**The task:** Would you please transcribe, exactly as written, the lines of the entries below starting at the one that holds "replace (/ w * (a" and ending at the one that holds "destruct (Req_dec a 0) as [->|Ha0].", both included?

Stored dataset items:
(* Let $\bm x \in \Delta_n \setminus \{\bm e_1,\dots,\bm e_n,\tfrac1n\bm e\}$ and $p \geqslant 2$. Let $S_p = \sum_{i=1}^n x_i^p$ and $w_i = x_i^p/S_p$ for $i=1,\dots,n$, and $\bm w = (w_1,\dots,w_n)$. Then the Shannon entropy $H(\bm w) = -\sum_{i=1}^n w_i \ln w_i$ satisfies $$0 \leqslant H(\bm w) \leqslant -\frac{p}{p-1}\ln \|\bm x\|_p.$$
   Context: $\|\bm x\|_p = (\sum_{i=1}^n x_i^p)^{1/p}$; $\Delta_n = \{\bm x \in \mathbb{R}^n_{\geqslant 0} : \sum_{i=1}^n x_i = 1\}$; $\bm e_i$ is the $i$-th standard unit vector and $\bm e$ the all-ones vector in $\mathbb{R}^n$. The convention $0\ln 0 = 0$ is used. *)

From Stdlib Require Import Reals.
Open Scope R_scope.

(* finite sum  \sum_{i=0}^{n-1} f i  (vector entries indexed 0..n-1) *)
Fixpoint fsum (n : nat) (f : nat -> R) : R :=
  match n with
  | O => 0
  | S m => fsum m f + f m
  end.

(* real power t^p for t >= 0, with 0^p = 0 (p > 0) *)
Definition rpow (t p : R) : R := if Req_EM_T t 0 then 0 else Rpower t p.

Definition in_simplex (n : nat) (x : nat -> R) : Prop :=
  (forall i, (i < n)%nat -> 0 <= x i) /\ fsum n x = 1.

Definition is_unit_vector (n : nat) (x : nat -> R) (i : nat) : Prop :=
  forall j, (j < n)%nat -> x j = if Nat.eqb j i then 1 else 0.

Definition is_barycenter (n : nat) (x : nat -> R) : Prop :=
  forall j, (j < n)%nat -> x j = / INR n.

Definition pnorm (n : nat) (p : R) (x : nat -> R) : R :=
  rpow (fsum n (fun i => rpow (x i) p)) (/ p).

Definition xlnx (t : R) : R := if Req_EM_T t 0 then 0 else t * ln t.

Definition entropy (n : nat) (w : nat -> R) : R := - fsum n (fun i => xlnx (w i)).

(** Since [ln w_i = p ln x_i - ln S_p], Gibbs' inequality [H(w) <= - sum_i w_i ln x_i]
    (cross entropy dominates entropy) reads [H(w) <= (H(w) - ln S_p) / p], that is
    [(p - 1) H(w) <= - ln S_p = - p ln ||x||_p].  Non-negativity holds because every
    [w_i <= 1]. *)

From Stdlib Require Import Reals Lra Lia.
Open Scope R_scope.

Lemma fsum_ext n f g :
  (forall i, (i < n)%nat -> f i = g i) -> fsum n f = fsum n g.
Proof.
  induction n as [|n IH]; simpl; intros H; auto.
  rewrite IH, H; auto.
Qed.

Lemma fsum_le n f g :
  (forall i, (i < n)%nat -> f i <= g i) -> fsum n f <= fsum n g.
Proof.
  induction n as [|n IH]; simpl; intros H; [lra|].
  assert (fsum n f <= fsum n g) by (apply IH; auto).
  assert (f n <= g n) by (apply H; auto).
  lra.
Qed.

Lemma fsum_add n f g :
  fsum n (fun i => f i + g i) = fsum n f + fsum n g.
Proof. induction n as [|n IH]; simpl; [ring | rewrite IH; ring]. Qed.

Lemma fsum_scal n c f : fsum n (fun i => c * f i) = c * fsum n f.
Proof. induction n as [|n IH]; simpl; [ring | rewrite IH; ring]. Qed.

Lemma fsum_opp n f : fsum n (fun i => - f i) = - fsum n f.
Proof. induction n as [|n IH]; simpl; [ring | rewrite IH; ring]. Qed.

Lemma fsum_nonneg n f :
  (forall i, (i < n)%nat -> 0 <= f i) -> 0 <= fsum n f.
Proof.
  induction n as [|n IH]; simpl; intros H; [lra|].
  assert (0 <= fsum n f) by (apply IH; auto).
  assert (0 <= f n) by (apply H; auto).
  lra.
Qed.

Lemma fsum_term_le n f j :
  (forall i, (i < n)%nat -> 0 <= f i) -> (j < n)%nat -> f j <= fsum n f.
Proof.
  induction n as [|n IH]; simpl; intros H Hj; [lia|].
  destruct (Nat.eq_dec j n) as [->|Hjn].
  - assert (0 <= fsum n f) by (apply fsum_nonneg; auto). lra.
  - assert (f j <= fsum n f) by (apply IH; auto; lia).
    assert (0 <= f n) by (apply H; auto).
    lra.
Qed.

Lemma fsum_pos_exists n f :
  0 < fsum n f -> exists i, (i < n)%nat /\ 0 < f i.
Proof.
  induction n as [|n IH]; simpl; intros H; [lra|].
  destruct (Rle_lt_dec (f n) 0) as [Hn|Hn].
  - destruct IH as [i [Hi Hfi]]; [lra|]. exists i; split; [lia | exact Hfi].
  - exists n; split; [lia | exact Hn].
Qed.

Lemma rpow_nonneg t p : 0 <= rpow t p.
Proof.
  unfold rpow, Rpower; destruct Req_EM_T; [lra | left; apply exp_pos].
Qed.

Lemma rpow_pos t p : 0 < t -> 0 < rpow t p.
Proof.
  intros Ht; unfold rpow, Rpower; destruct Req_EM_T; [lra | apply exp_pos].
Qed.

Lemma ln_rpow t p : 0 < t -> ln (rpow t p) = p * ln t.
Proof.
  intros Ht; unfold rpow; destruct Req_EM_T; [lra | apply ln_Rpower].
Qed.

Lemma ln_le_sub_1 y : 0 < y -> ln y <= y - 1.
Proof.
  intros Hy; pose proof (exp_ineq1_le (ln y)) as H.
  rewrite exp_ln in H; lra.
Qed.

Lemma xlnx_pos t : 0 < t -> xlnx t = t * ln t.
Proof. intros Ht; unfold xlnx; destruct Req_EM_T; [lra | reflexivity]. Qed.

Lemma xlnx_nonpos t : 0 <= t <= 1 -> xlnx t <= 0.
Proof.
  intros Ht; unfold xlnx; destruct Req_EM_T; [lra|].
  assert (ln t <= t - 1) by (apply ln_le_sub_1; lra).
  nra.
Qed.

Lemma mul_ln_ratio_le a w : 0 < a -> 0 < w -> w * (ln a - ln w) <= a - w.
Proof.
  intros Ha Hw.
  assert (Hratio : ln a - ln w = ln (a / w)).
  { unfold Rdiv; rewrite ln_mult, ln_Rinv; auto with real. }
  rewrite Hratio.
  apply Rmult_le_reg_l with (/ w); [auto with real|].
  replace (/ w * (w * ln (a / w))) with (ln (a / w)) by (field; lra).
  replace (/ w * (a - w)) with (a / w - 1) by (field; lra).
  apply ln_le_sub_1, Rdiv_lt_0_compat; assumption.
Qed.

(* Gibbs' inequality for a single coordinate, with [ln w = p ln a - ln S] substituted. *)
Lemma power_weight_xlnx_le a p S :
  0 <= a -> 0 <= p -> 0 < S ->
  let w := rpow a p / S in
  (p - 1) * - xlnx w <= - ln S * w + p * (a - w).
Proof.
  intros Ha Hp HS w.
  destruct (Req_dec a 0) as [->|Ha0].
  - assert (Hw : w = 0) by (unfold w, rpow; destruct Req_EM_T; [field|]; lra).
    rewrite Hw; unfold xlnx; destruct Req_EM_T; lra.
  - assert (Hw : 0 < w) by (apply Rdiv_lt_0_compat; [apply rpow_pos|]; lra).
    assert (Hlnw : ln w = p * ln a - ln S).
    { unfold w, Rdiv. rewrite ln_mult, ln_Rinv, ln_rpow; auto with real; try lra.
      apply rpow_pos; lra. }
    pose proof (mul_ln_ratio_le a w ltac:(lra) Hw) as Hgibbs.
    rewrite xlnx_pos by exact Hw.
    replace ((p - 1) * - (w * ln w)) with (p * (w * (ln a - ln w)) - ln S * w)
      by (rewrite Hlnw; ring).
    assert (p * (w * (ln a - ln w)) <= p * (a - w)) by (apply Rmult_le_compat_l; lra).
    lra.
Qed.

Definition power_sum (n : nat) (p : R) (x : nat -> R) : R :=
  fsum n (fun i => rpow (x i) p).

Definition escort (n : nat) (p : R) (x : nat -> R) (i : nat) : R :=
  rpow (x i) p / power_sum n p x.

Section Escort.

Variables (n : nat) (p : R) (x : nat -> R).
Hypothesis simplex_x : in_simplex n x.

Lemma power_sum_pos : 0 < power_sum n p x.
Proof.
  destruct simplex_x as [Hx Hsum].
  destruct (fsum_pos_exists n x) as [j [Hj Hxj]]; [lra|].
  apply Rlt_le_trans with (rpow (x j) p); [apply rpow_pos; exact Hxj|].
  apply (fsum_term_le n (fun i => rpow (x i) p)); auto using rpow_nonneg.
Qed.

Lemma escort_sum : fsum n (escort n p x) = 1.
Proof.
  pose proof power_sum_pos as HS.
  unfold escort, Rdiv.
  rewrite (fsum_ext n _ (fun i => / power_sum n p x * rpow (x i) p))
    by (intros; ring).
  rewrite fsum_scal; fold (power_sum n p x); field; lra.
Qed.

Lemma escort_bounds i : (i < n)%nat -> 0 <= escort n p x i <= 1.
Proof.
  intros Hi; pose proof power_sum_pos as HS; unfold escort.
  assert (rpow (x i) p <= power_sum n p x).
  { apply (fsum_term_le n (fun j => rpow (x j) p)); auto using rpow_nonneg. }
  unfold Rdiv; split.
  - apply Rmult_le_pos; [apply rpow_nonneg | left; apply Rinv_0_lt_compat, HS].
  - apply Rmult_le_reg_r with (power_sum n p x); [exact HS|].
    rewrite Rmult_assoc, Rinv_l, Rmult_1_r, Rmult_1_l by lra; assumption.
Qed.

Lemma entropy_escort_nonneg : 0 <= entropy n (escort n p x).
Proof.
  unfold entropy; rewrite <- fsum_opp.
  apply fsum_nonneg; intros i Hi.
  pose proof (xlnx_nonpos _ (escort_bounds i Hi)).
  lra.
Qed.

Lemma entropy_escort_le :
  0 <= p -> (p - 1) * entropy n (escort n p x) <= - ln (power_sum n p x).
Proof.
  intros Hp; pose proof power_sum_pos as HS.
  destruct simplex_x as [Hx Hsum].
  set (S := power_sum n p x).
  unfold entropy; rewrite <- fsum_opp, <- fsum_scal.
  apply Rle_trans with
    (fsum n (fun i => - ln S * escort n p x i + p * (x i - escort n p x i))).
  - apply fsum_le; intros i Hi.
    apply power_weight_xlnx_le; auto.
  - right.
    rewrite fsum_add, fsum_scal, fsum_scal.
    unfold Rminus; rewrite fsum_add, fsum_opp, Hsum, escort_sum; ring.
Qed.

Lemma ln_pnorm : p <> 0 -> ln (pnorm n p x) = ln (power_sum n p x) / p.
Proof.
  intros Hp; pose proof power_sum_pos as HS.
  unfold pnorm; fold (power_sum n p x).
  rewrite ln_rpow by exact HS; field; exact Hp.
Qed.

End Escort.

Theorem lemma2 (n : nat) (x : nat -> R) (p : R) :
  in_simplex n x ->
  (forall i, (i < n)%nat -> ~ is_unit_vector n x i) ->
  ~ is_barycenter n x ->
  2 <= p ->
  let Sp := fsum n (fun i => rpow (x i) p) in
  let w := fun i => rpow (x i) p / Sp in
  0 <= entropy n w /\
  entropy n w <= - (p / (p - 1)) * ln (pnorm n p x).
Proof.
  intros Hx _ _ Hp Sp w.
  change w with (escort n p x).
  split; [apply entropy_escort_nonneg; exact Hx|].
  pose proof (entropy_escort_le n p x Hx ltac:(lra)) as Hbound.
  rewrite (ln_pnorm n p x Hx) by lra.
  apply Rmult_le_reg_l with (p - 1); [lra|].
  replace ((p - 1) * (- (p / (p - 1)) * (ln (power_sum n p x) / p)))
    with (- ln (power_sum n p x)) by (field; lra).
  exact Hbound.
Qed.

**Exercise result:**
  replace (/ w * (a - w)) with (a / w - 1) by (field; lra).
  apply ln_le_sub_1, Rdiv_lt_0_compat; assumption.
Qed.

(* Gibbs' inequality for a single coordinate, with [ln w = p ln a - ln S] substituted. *)
Lemma power_weight_xlnx_le a p S :
  0 <= a -> 0 <= p -> 0 < S ->
  let w := rpow a p / S in
  (p - 1) * - xlnx w <= - ln S * w + p * (a - w).
Proof.
  intros Ha Hp HS w.
  destruct (Req_dec a 0) as [->|Ha0].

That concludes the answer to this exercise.